The default state is for the operon to be on and producing tryptophan.

  • When tryptophan is present:
    • Tryptophan binds to its repressor → repressor is activated
    • The repressor binds to its operator → prevents transcription
    • Result: The presence of tryptophan turns off the genes that would make more tryptophan.
  • When tryptophan is not present:
    • There is no tryptophan to bind to the repressor → the repressor is inactive
    • Repressor cannot bind to the operator → transcription occurs
    • Result: When no tryptophan is present, the genes that code for enzymes to synthesize tryptophan are transcribed.
trp operon

Trp operon:
Tryptophan activates the repressor.

Image by Lecturio.

Eukaryotic Transcriptional Regulation


  • Regulation of transcription in eukaryotes is more complex than in prokaryotes because the development of eukaryotes is vastly more complicated. 
  • Eukaryotic genes are always off in the absence of a multitude of transcription factors that must be recruited. 
  • Eukaryotic gene expression is regulated at every step of the pathway:
    • DNA packaging in chromatin
    • Transcription
    • Posttranscriptional modification
    • Translation
    • Protein modification and degradation
  • Transcription is regulated primarily by:
    • Transcription factors
    • Regulatory sequences of DNA

Transcription factors

Transcription factor (TF) is a generic term for proteins necessary for transcription. Each of these factors helps to regulate gene expression.
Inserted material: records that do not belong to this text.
Definition qZ (m : int) : int :=
  match m with Posz k => (q k)%:Z | Negz _ => 0%R end.

Definition s (n : nat) : int :=
  (qZ n%:Z - 2%:Z * qZ (n%:Z - 1) + qZ (n%:Z - 2))%R.

Definition special (t : seq nat) : bool :=
  [&& 4 <= size t,
      sorted (fun a b => (b <= a) && (a <= b.+1)) t,
      nth 0 t 0 == nth 0 t 1
    & drop (size t - 3) t == [:: 3; 2; 1]].

From mathcomp Require Import all_boot all_order all_algebra.
From mathcomp Require Import zify.
Set Implicit Arguments. Unset Strict Implicit. Unset Printing Implicit Defensive.

(* Let A(n) count the partitions of n into distinct parts whose two largest
   parts are consecutive, and split A(n) = A1(n) + A0(n) according to whether
   the smallest part is 1.  Lowering the largest part by one gives
   q(n) - q(n-1) = A(n); deleting the part 1 gives A1(n) = A0(n-1); lowering
   the two largest parts by one maps the partitions counted by A0(n) whose
   second and third parts are not consecutive onto those counted by A0(n-2).
   Hence s(n) = A(n) - A(n-1) = A0(n) - A0(n-2) counts the distinct partitions
   of n without a part 1 whose three largest parts are consecutive, and
   conjugation maps these onto the partitions of the statement. *)

Lemma mem_seqs_len b k s :
  (s \in seqs_len b k) = (size s == k) && all (fun x => 0 < x <= b) s.
Proof.
elim: k s => [|k IH] [|x s] //=.
  by apply/negbTE/allpairsPdep => -[? [? [_ _ //]]].
apply/allpairsPdep/idP => [[y [t [Hy Ht [-> ->]]]]|/andP [Hs /andP [Hx Ha]]].
  move: Ht Hy; rewrite IH eqSS mem_iota => /andP [-> ->]; lia.
by exists x, s; rewrite mem_iota IH -eqSS Hs Ha; split => //; lia.
Qed.
Lemma signed_perm_absz_gt0 n p i : is_signed_perm n p -> i < n -> 0 < absz (nth 0%R p i).
Proof.
case/andP=> /eqP sz pe lt; rewrite -nth_absz.
have : nth 0 (map absz p) i \in iota 1 n.
  by rewrite -(perm_mem pe) mem_nth // size_map sz.
by rewrite mem_iota; case/andP.
Qed.

Lemma snake_step n p j : is_snake n p -> j.+1 < n ->
  if odd j then (nth 0%R p j < nth 0%R p j.+1)%R else (nth 0%R p j.+1 < nth 0%R p j)%R.
Proof. by case/and3P=> _ _ /allP H lt; apply: H; rewrite mem_iota /=; lia. Qed.

Definition sign_pattern n (p : seq int) :=
  forall i, i < n -> ~~ rvalley n (map absz p) i.+1 -> (nth 0%R p i < 0)%R = odd i.

Lemma sign_pattern_snake n p : 0 < n -> is_signed_perm n p -> sign_pattern n p ->
  is_snake n p.
Proof.
move=> n0 sp H; apply/and3P; split => //.
  have := H 0 n0; rewrite /rvalley ltnn andbF /= => /(_ isT) h.
  by have := signed_perm_absz_gt0 sp n0; move: h; rewrite /=; lia.
apply/allP=> i; rewrite mem_iota add0n => /andP[_ lti].
have lt1 : i.+1 < n by lia.
have pa := signed_perm_absz_gt0 sp (ltnW lt1); have pb := signed_perm_absz_gt0 sp lt1.
have R1 : rvalley n (map absz p) i.+1 -> absz (nth 0%R p i) < absz (nth 0%R p i.+1).
  by rewrite /rvalley /letter /= !nth_absz => /and3P[_ _]; case: eqP => //=; lia.
have R2 : rvalley n (map absz p) i.+2 -> absz (nth 0%R p i.+1) < absz (nth 0%R p i).
  by rewrite /rvalley /letter /= !nth_absz; case/and3P=> _ h _; exact h.
have H1 := H i (ltnW lt1); have H2 := H i.+1 lt1.
move: R1 R2 H1 H2 pa pb; rewrite /=.
by case: (odd i); case: (rvalley n _ i.+1); case: (rvalley n _ i.+2) => /=; lia.
Qed.

Lemma snake_sign_pattern n p : is_snake n p -> sign_pattern n p.
Proof.
move=> sn i lti; have sp : is_signed_perm n p by case/and3P: sn.
have p0 : (0 < nth 0 p 0)%R by case/and3P: sn.
have pa := signed_perm_absz_gt0 sp lti.
apply: contraNeq => ne; rewrite /rvalley /letter /= !nth_absz.
apply/and3P; split; first by lia.
- case: i lti pa ne => [|i] lti pa ne.
    by move: ne p0; rewrite /= ?eqbF_neg ?negbK ?eqb_id; lia.
  have := snake_step sn lti; move: ne pa; rewrite /=.
  by case: (odd i) => /=; rewrite ?eqbF_neg ?negbK ?eqb_id; lia.
- case: (eqVneq i.+1 n) => //= ni; have lt1 : i.+1 < n by lia.
  have := snake_step sn lt1; move: ne pa; rewrite /=.
  by case: (odd i) => /=; rewrite ?eqbF_neg ?negbK ?eqb_id; lia.
Qed.

Lemma iota1S m : iota 1 m.+1 = rcons (iota 1 m) m.+1.
Proof. by rewrite -cats1; have := iotaD 1 m 1; rewrite addn1 add1n. Qed.

Lemma last_filter_iotaP (P : pred nat) m j :
  (filter P (iota 1 m) != [::] /\ last 0 (filter P (iota 1 m)) = j) <->
  [/\ 1 <= j <= m, P j & forall l, j < l <= m -> ~~ P l].
Proof.
elim: m => [|m IH]; first by split=> [[]|[]] //; lia.
rewrite iota1S filter_rcons; case Pm: (P m.+1).
  rewrite last_rcons; split=> [[_ <-]|[jm Pj maxj]].
    by split=> //; [lia | move=> l; lia].
  split; first by case: (filter _ _).
  case: (ltngtP j m.+1) => // jm'; last lia.
  by have := maxj m.+1; rewrite Pm ltnSn jm' => /(_ isT).
rewrite IH; split=> [[jm Pj maxj]|[jm Pj maxj]].
  split=> //; first lia.
  move=> l /andP[jl]; rewrite leq_eqVlt => /orP[/eqP -> | lm]; first by rewrite Pm.
  by apply: maxj; rewrite jl.
split=> //; last by move=> l /andP[jl lm]; apply: maxj; rewrite jl; lia.
case: (ltngtP j m.+1) => jm'; [lia | lia | by move: Pj; rewrite jm' Pm].
Qed.

Lemma assoc_peakP n t i j :
  (peaks_before n t i != [::] /\ assoc_peak n t i = j) <->
  [/\ 1 <= j < i, lpeak n t j & forall l, j < l < i -> ~~ lpeak n t l].
Proof.
rewrite /assoc_peak /peaks_before last_filter_iotaP.
by split=> -[jm Pj maxj]; split=> // [|l jl]; try apply: maxj; lia.
Qed.

Section DistinctLetters.
Variables (n : nat) (t : seq nat).
Hypotheses (t_uniq : uniq t) (t_size : size t = n).

Lemma letter_neq a b : 1 <= a <= n -> 1 <= b <= n -> a != b -> letter t a != letter t b.
Proof. by move=> ha hb ab; rewrite /letter nth_uniq ?t_size //; lia. Qed.

Lemma letter_lt_total a b : 1 <= a <= n -> 1 <= b <= n -> a != b ->
  (letter t a < letter t b) || (letter t b < letter t a).
Proof. by move=> ha hb ab; have := letter_neq ha hb ab; lia. Qed.

Lemma descent_from_peak k : 1 <= k < n -> letter t k.+1 < letter t k ->
  exists j, [/\ 1 <= j <= k, lpeak n t j
            & forall l, j < l <= k -> letter t l < letter t l.-1].
Proof.
elim: k => [|k IH] // /andP[_ kn] dk.
case: (posnP k) => [k0|kpos].
  subst k; exists 1; split=> //; first by rewrite /lpeak /=; apply/andP; split; lia.
  by move=> l; lia.
have /orP[up|down] := @letter_lt_total k k.+1 (ltac:(lia)) (ltac:(lia)) (ltac:(lia)).
  exists k.+1; split=> //; first lia; last by move=> l; lia.
  by rewrite /lpeak /= up orbT kn dk; lia.
have [j [jk pj desc]] := IH (ltac:(lia)) down.
exists j; split=> //; first lia.
move=> l /andP[jl]; rewrite leq_eqVlt => /orP[/eqP -> //|lk].
by apply: desc; rewrite jl.
Qed.

Lemma descent_to_valley j m : 1 <= j < m -> m <= n ->
  (forall l, j < l <= m -> letter t l < letter t l.-1) ->
  exists i, [/\ j < i <= n, rvalley n t i
            & forall l, j < l <= i -> letter t l < letter t l.-1].
Proof.
move=> jm mn; move Ed: (n - m) => d; elim: d m jm mn Ed => [|d IH] m jm mn Ed desc.
  have mE : m = n by lia.
  exists m; split=> //; first lia.
  rewrite /rvalley mE eqxx andbT; apply/andP; split; first lia.
  by rewrite -mE (desc m) ?andbT; lia.
have /orP[up|down] := @letter_lt_total m m.+1 (ltac:(lia)) (ltac:(lia)) (ltac:(lia)).
  exists m; split=> //; first lia.
  rewrite /rvalley up orbT andbT; apply/andP; split; first lia.
  by rewrite (desc m) ?andbT; lia.
apply: (IH m.+1); [lia | lia | lia |].
move=> l /andP[jl]; rewrite leq_eqVlt => /orP[/eqP -> //|lm].
by apply: desc; rewrite jl.
Qed.

Lemma descent_not_lpeak l : 1 < l -> letter t l < letter t l.-1 -> ~~ lpeak n t l.
Proof. by rewrite /lpeak => l1 d; apply/negP => /and3P[_ /orP[]]; lia. Qed.

Lemma rvalley_has_peak i : rvalley n t i -> peaks_before n t i != [::].
Proof.
case/and3P=> /andP[i1 iN] /andP[i2 d] _.
have [j [jk pj _]] := @descent_from_peak i.-1 (ltac:(lia)) (ltac:(by rewrite prednK; lia)).
apply/eqP => E; have : j \in peaks_before n t i by rewrite mem_filter pj mem_iota; lia.
by rewrite E.
Qed.

Lemma lpeak_assoc_rvalley j : lpeak n t j ->
  exists i, [/\ rvalley n t i, peaks_before n t i != [::] & assoc_peak n t i = j].
Proof.
move=> pj; have := pj; case/and3P=> /andP[j1 jn] _ /andP[jlt d].
have [i [ji vi desc]] : exists i, [/\ j < i <= n, rvalley n t i
    & forall l, j < l <= i -> letter t l < letter t l.-1].
  apply: (@descent_to_valley j j.+1) => //; first lia.
  by move=> l hl; have -> : l = j.+1 by lia.
have [ne E] : peaks_before n t i != [::] /\ assoc_peak n t i = j.
  apply/assoc_peakP; split=> //; first lia.
  by move=> l hl; apply: descent_not_lpeak; [lia | apply: desc; lia].
by exists i.
Qed.

Lemma assoc_peak_inj i1 i2 : rvalley n t i1 -> rvalley n t i2 ->
  peaks_before n t i1 != [::] -> peaks_before n t i2 != [::] ->
  assoc_peak n t i1 = assoc_peak n t i2 -> i1 = i2.
Proof.
wlog lt12 : i1 i2 / i1 <= i2.
  move=> W v1 v2 ne1 ne2 E; case: (leqP i1 i2) => h; first exact: W.
  by apply/esym/W => //; lia.
move=> v1 v2 ne1 ne2 E; move: lt12; rewrite leq_eqVlt => /orP[/eqP //|lt12].
exfalso; set j := assoc_peak n t i2 in E.
have [_ _ noPeak] : [/\ 1 <= j < i2, lpeak n t j & forall l, j < l < i2 -> ~~ lpeak n t l]
  by apply/assoc_peakP.
have [ji1 _ _] := proj1 (assoc_peakP n t i1 j) (conj ne1 E).
move: v1 v2; rewrite /rvalley => /and3P[/andP[a1 a2] _ a3] /and3P[/andP[b1 b2] /andP[b3 b4] _].
have up : letter t i1 < letter t i1.+1 by move: a3; case: eqP => //=; lia.
have [j' [j'i2 pj' desc]] :=
  @descent_from_peak i2.-1 (ltac:(lia)) (ltac:(by rewrite prednK; lia)).
case: (leqP j' i1) => hj'; last by move: pj'; apply/negP/noPeak; lia.
case: (ltngtP i1.+1 i2) => e; [|lia|by move: up b4; rewrite -e /=; lia].
have : letter t i1.+1 < letter t i1.+1.-1 by apply: desc; lia.
by rewrite /=; lia.
Qed.

End DistinctLetters.

Definition index_of (t : seq nat) x := (index x t).+1.

Section PermWord.
Variables (n : nat) (t : seq nat).
Hypothesis t_perm : perm_eq t (iota 1 n).

Lemma size_perm_word : size t = n.
Proof. by rewrite (perm_size t_perm) size_iota. Qed.

Lemma uniq_perm_word : uniq t.
Proof. by rewrite (perm_uniq t_perm) iota_uniq. Qed.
  • General transcription factors:
    • Bind to the promoter sequence
    • Are required for the binding of RNA polymerase II to the DNA to initiate transcription
  • Initiation complex: 
    • The complex of transcription factors and RNA polymerase II at the promoter sequence
    • Once the initiation complex is assembled on the promoter, transcription can begin.
  • Transcription-associated factors: specific proteins that act in a time- or tissue-dependent manner to initiate transcription 

Enhancer sequences

Enhancer sequences of DNA help to initiate or augment transcription, which further promotes gene expression.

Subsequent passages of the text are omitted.